It’s Not Just Taxes
By Margaret Hoover
Republican Strategist
Republicans have been running on cutting taxes since Ronald Reagan — and for good reason. Federal taxes were exorbitant when Reagan took office — the highest marginal tax rate was 70 percent compared to today’s less than 40 percent. But three decades later, Americans pay much less to Uncle Sam. Four out of five taxpayers owe more in payroll taxes than federal income taxes. While they must not increase, has running on lower taxes lost its steam?
The answer is no. For evidence that Republicans have won the popular debate on cutting taxes, see Exhibit A: Democrat, President-elect Obama, who ran on cutting taxes (even if it was only for 95 percent of Americans). By the third week in October, polling showed Obama consistently beating McCain on taxes, with one poll revealing a 14 percent gap (Wall Street Journal/NBC News, Obama 48 percent to McCain’s 34 percent to the question which candidate would be better for you on taxes). Despite “Joe the Plumber” — illustration incarnate of left v. right tax philosophy — Americans across the board favored President elect Obama’s tax policies to Senator McCain’s.
If you haven’t read David Frum’s “Conservatism That Can Win Again,” pick up a copy. Frum writes, “By margins of more than 5 to 4, Americans condemn the Bush tax cuts as ‘not worth it’. When offered a clear choice between cutting taxes or balancing the budget during election year 2004, Americans opted for budget balancing by a margin of 2 to 1. When the choice was changed to cutting taxes or increasing spending, they opted for higher spending by a margin of 5 to 4.”
Frum goes onto suggest that the lower tax message failed to resonate with voters partly because individuals didn’t feel the relief of the Bush tax cuts. Thanks to spiking energy prices and health care costs, whatever earnings Americans saved in federal taxes, they spent on increasing living expenditures (health insurance, gasoline, etc).

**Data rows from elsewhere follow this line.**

Lemma intr_ge0_of_ge_Nhalf (z : int) : - half <= z%:~R :> rat -> 0 <= z%:~R :> rat.
Proof.
rewrite ler0z /half => z_ge; rewrite leNgt; apply/negP => z_lt0.
have : z%:~R <= -1 :> rat by rewrite -[-1]/((-1)%:~R) ler_int; lia.
lra.
Qed.

Lemma intr_le0_of_le_half (z : int) : z%:~R <= half :> rat -> z%:~R <= 0 :> rat.
Proof.
rewrite /half => z_le; rewrite -[0]/(0%:~R) ler_int leNgt; apply/negP => z_gt0.
have : 1 <= z%:~R :> rat by rewrite -[1]/(1%:~R) ler_int; lia.
lra.
Qed.

Definition upper_tri (N : nat) (l : int) (b : nat) (m x : rat) : bool :=
  [&& m <= N%:R, hf l + N%:R - b%:R <= x + m & x <= hf l].

Section UpperTriangle.
Variables (N : nat) (l : int) (b : nat).

Lemma upper_tri_half_shift (n : nat) (y : int) : upper_tri N l b n%:R y%:~R ->
  upper_tri N l b n%:R (y%:~R - half) && upper_tri N l b n%:R (y%:~R + half).
Proof.
rewrite /upper_tri /hf /half => /and3P [n_le oblique vertical].
have : 0 <= (y + n%:Z - l - N%:Z + b%:Z - 1)%:~R :> rat.
  by apply: intr_ge0_of_ge_Nhalf; rewrite /half; lra.
have : (y - l)%:~R <= 0 :> rat by apply: intr_le0_of_le_half; rewrite /half; lra.
by move=> *; apply/andP; split; apply/and3P; split; lra.
Qed.

Lemma upper_tri_up (m x t : rat) : upper_tri N l b m x -> 0 <= t -> t <= N%:R - m ->
  upper_tri N l b N%:R (x - t).
Proof. by rewrite /upper_tri => /and3P [? ? ?] ? ?; apply/and3P; split; lra. Qed.

Lemma upper_tri_oblique_side (m x : rat) :
  x + m = hf l + N%:R - b%:R -> N%:R - b%:R <= m <= N%:R -> upper_tri N l b m x.
Proof. by rewrite /upper_tri => ? /andP [? ?]; apply/and3P; split; lra. Qed.

Lemma upper_tri_vertical_side (m x : rat) :
  x = hf l -> N%:R - b%:R <= m <= N%:R -> upper_tri N l b m x.
Proof. by rewrite /upper_tri => ? /andP [? ?]; apply/and3P; split; lra. Qed.

End UpperTriangle.

Lemma triLow_half_shift (c : int * nat) (n : nat) (y : int) : triLow c n%:R y%:~R ->
  triLow c n%:R (y%:~R - half) && triLow c n%:R (y%:~R + half).
Proof.
rewrite /triLow /hf /half => /and3P [n_ge0 vertical oblique].
have : 0 <= (y - c.1 - 1)%:~R :> rat by apply: intr_ge0_of_ge_Nhalf; rewrite /half; lra.
have : (y + n%:Z - c.1 - c.2%:Z)%:~R <= 0 :> rat.
  by apply: intr_le0_of_le_half; rewrite /half; lra.
by move=> *; apply/andP; split; apply/and3P; split; lra.
Qed.

Section Pieces.
Variable P : mcpoly.
Local Notation N := (mc_N P).

Lemma triUL_upper :
  triUL P =2 upper_tri N ((mc_b0 P)%:Z - (mc_d P)%:Z - N%:Z - 1) (mc_b0 P).
Proof.
move=> m x; rewrite /triUL /upper_tri /hf /half.
by apply/and3P/and3P => -[? ? ?]; split; lra.
Qed.

Lemma triUR_upper : triUR P =2 upper_tri N (mc_r P) (mc_bu P).
Proof.
by move=> m x; rewrite /triUR /upper_tri; apply/and3P/and3P => -[? ? ?]; split; lra.
Qed.

Lemma triUp_upper (c : int * nat) : triUp P c =2 upper_tri N (c.1 + c.2%:Z) c.2.
Proof.
move=> m x; rewrite /triUp /upper_tri /hf /half.
by apply/and3P/and3P => -[? ? ?]; split; lra.
Qed.

Definition piece (i : nat) : rat -> rat -> bool := nth (fun _ _ => false) (pieces P) i.

Lemma size_pieces : size (pieces P) = (size (mc_up P) + size (mc_low P)).+2.
Proof. by rewrite /pieces /= size_cat !size_map. Qed.

Lemma piece_triUp (c : int * nat) :
  c \in mc_up P -> piece (index c (mc_up P)).+2 = triUp P c.
Proof.
move=> c_up; rewrite /piece /pieces /= nth_cat size_map index_mem c_up.
by rewrite (nth_map c) ?index_mem // nth_index.
Qed.
(* Compare the chord with the differential at its initial point [p0]: by the
   mean value theorem the chord is the differential at an intermediate point,
   which differs from the one at [p0] by [O(|p1 - p0|^2)]. *)
Lemma Phi_chord_ge x0 y0 x1 y1 : in_band x0 y0 ->
  dist2 (x0, y0) (x1, y1) - 116 * dist2 (x0, y0) (x1, y1) ^ 2 <= dist3 (Phi (x0, y0)) (Phi (x1, y1)).
Proof.
  intros H0. rewrite dist3_Phi, dist2_coords.
  set (vx := x1 - x0). set (vy := y1 - y0).
  set (L := sqrt (vx ^ 2 + vy ^ 2)).
  assert (HL2 : L ^ 2 = vx ^ 2 + vy ^ 2) by (apply pow2_sqrt, sum_sq_nonneg).
  assert (HL0 : 0 <= L) by apply sqrt_pos.
  set (dX := PhiX x1 y1 - PhiX x0 y0). set (dY := PhiY x1 y1 - PhiY x0 y0).
  set (dZ := PhiZ x1 y1 - PhiZ x0 y0).
  set (D := sqrt (dX ^ 2 + dY ^ 2 + dZ ^ 2)). assert (0 <= D) by apply sqrt_pos.
  destruct (Req_dec L 0) as [HL|HL]; [rewrite HL; lra|].
  set (Y1 := dPhiX x0 y0 vx vy). set (Y2 := dPhiY x0 y0 vx vy). set (Y3 := dPhiZ x0 y0 vx vy).
  destruct (Phi_mvt x0 y0 x1 y1 Y1 Y2 Y3) as [c [Hc E]]. fold vx vy dX dY dZ in E.
  assert (HY : sqrt (Y1 ^ 2 + Y2 ^ 2 + Y3 ^ 2) = L)
    by (unfold Y1, Y2, Y3; rewrite dPhi_isometric by exact H0; reflexivity).
  pose proof (dPhi_variation x0 y0 vx vy c ltac:(lra)) as V. simpl in V. fold Y1 Y2 Y3 in V.
  set (X1 := dPhiX (x0 + c * vx) (y0 + c * vy) vx vy) in *.
  set (X2 := dPhiY (x0 + c * vx) (y0 + c * vy) vx vy) in *.
  set (X3 := dPhiZ (x0 + c * vx) (y0 + c * vy) vx vy) in *.
  assert (HN : (Rabs vx + Rabs vy) ^ 2 <= 2 * L ^ 2).
  { rewrite HL2, <- (pow2_abs vx), <- (pow2_abs vy). pose proof (pow2_ge_0 (Rabs vx - Rabs vy)). nra. }
  assert (Hdiff : sqrt ((Y1 - X1) ^ 2 + (Y2 - X2) ^ 2 + (Y3 - X3) ^ 2) <= 116 * L ^ 2)
    by (pose proof (norm3_le_Rabs_sum (Y1 - X1) (Y2 - X2) (Y3 - X3)); lra).
  pose proof (cauchy_schwarz3 Y1 Y2 Y3 dX dY dZ) as CS1. rewrite HY in CS1.
  pose proof (cauchy_schwarz3 Y1 Y2 Y3 (Y1 - X1) (Y2 - X2) (Y3 - X3)) as CS2. rewrite HY in CS2.
  assert (HYY : Y1 ^ 2 + Y2 ^ 2 + Y3 ^ 2 = L ^ 2) by (rewrite <- HY; symmetry; apply pow2_sqrt; nra).
  assert (HYX : Y1 * X1 + Y2 * X2 + Y3 * X3 = L ^ 2 - (Y1 * (Y1 - X1) + Y2 * (Y2 - X2) + Y3 * (Y3 - X3)))
    by (rewrite <- HYY; ring).
  assert (L * sqrt ((Y1 - X1) ^ 2 + (Y2 - X2) ^ 2 + (Y3 - X3) ^ 2) <= L * (116 * L ^ 2))
    by (apply Rmult_le_compat_l; lra).
  assert (Hscaled : L * (L - 116 * L ^ 2) <= L * D) by (fold D in CS1; nra).
  apply Rmult_le_reg_l in Hscaled; lra.
Qed.

Section Regions.
Variables x y : R.
Hypothesis in_band_xy : in_band x y.

Ltac prepare_region :=
  destruct r123_pos as [H1 [H2 H3]]; destruct PI_r123_bounds as [B1 [B2 B3]];
  pose proof (s2_below_s1 x y in_band_xy); pose proof (s3_below_s2 x y in_band_xy);
  unfold PhiX, PhiY, PhiZ.

Lemma Phi_flat0 : s1 x y <= 0 ->
  PhiX x y = x /\ PhiY x y = y /\ PhiZ x y = 0.
Proof.
  intros Hs. prepare_region.
  rewrite (fold_h_before r1 H1 (s1 x y)), (fold_h_before r2 H2 (s2 x y)), (fold_h_before r3 H3 (s3 x y)),
    (fold_v_before r1 H1 (s1 x y)), (fold_v_before r2 H2 (s2 x y)), (fold_v_before r3 H3 (s3 x y)) by lra.
  repeat split; ring.
Qed.

Lemma Phi_cyl1 : 0 <= s1 x y <= PI * r1 ->
  PhiX x y = x + 4/5 * (- s1 x y + r1 * sin (s1 x y / r1)) /\
  PhiY x y = y - 3/5 * (- s1 x y + r1 * sin (s1 x y / r1)) /\
  PhiZ x y = r1 * (1 - cos (s1 x y / r1)).
Proof.
  intros Hs. prepare_region.
  rewrite (fold_h_on r1 (s1 x y)), (fold_h_before r2 H2 (s2 x y)), (fold_h_before r3 H3 (s3 x y)),
    (fold_v_on r1 (s1 x y)), (fold_v_before r2 H2 (s2 x y)), (fold_v_before r3 H3 (s3 x y)) by lra.
  repeat split; ring.
Qed.

Lemma Phi_flat1 : PI * r1 <= s1 x y /\ s2 x y <= 0 ->
  PhiX x y = x + 4/5 * (PI * r1 - 2 * s1 x y) /\
  PhiY x y = y - 3/5 * (PI * r1 - 2 * s1 x y) /\
  PhiZ x y = 2 * r1.
Proof.
  intros [Hs Hs2]. prepare_region.
  rewrite (fold_h_after r1 H1 (s1 x y)), (fold_h_before r2 H2 (s2 x y)), (fold_h_before r3 H3 (s3 x y)),
    (fold_v_after r1 H1 (s1 x y)), (fold_v_before r2 H2 (s2 x y)), (fold_v_before r3 H3 (s3 x y)) by lra.
  repeat split; ring.
Qed.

Republicans must keep taxes low. But it’s imperative that our economic argument consist of more than just “lower taxes.” Our challenge is to address American’s concerns with solutions routed in conservative principles that make sense. In the wilderness we must turn to our brain trusts — Paul Ryan in the House of Representatives, the American Enterprise Institute, Cato Institute, the Heritage Foundation and the Hoover Institution — to generate answers to rising health care expenses, energy costs and entitlement reform.
While even The New York Times agrees that raising taxes in a down economy constitutes terrible policy, we must stand for more than lower taxes. Now is our opportunity to become the constructive, not just the loyal, opposition.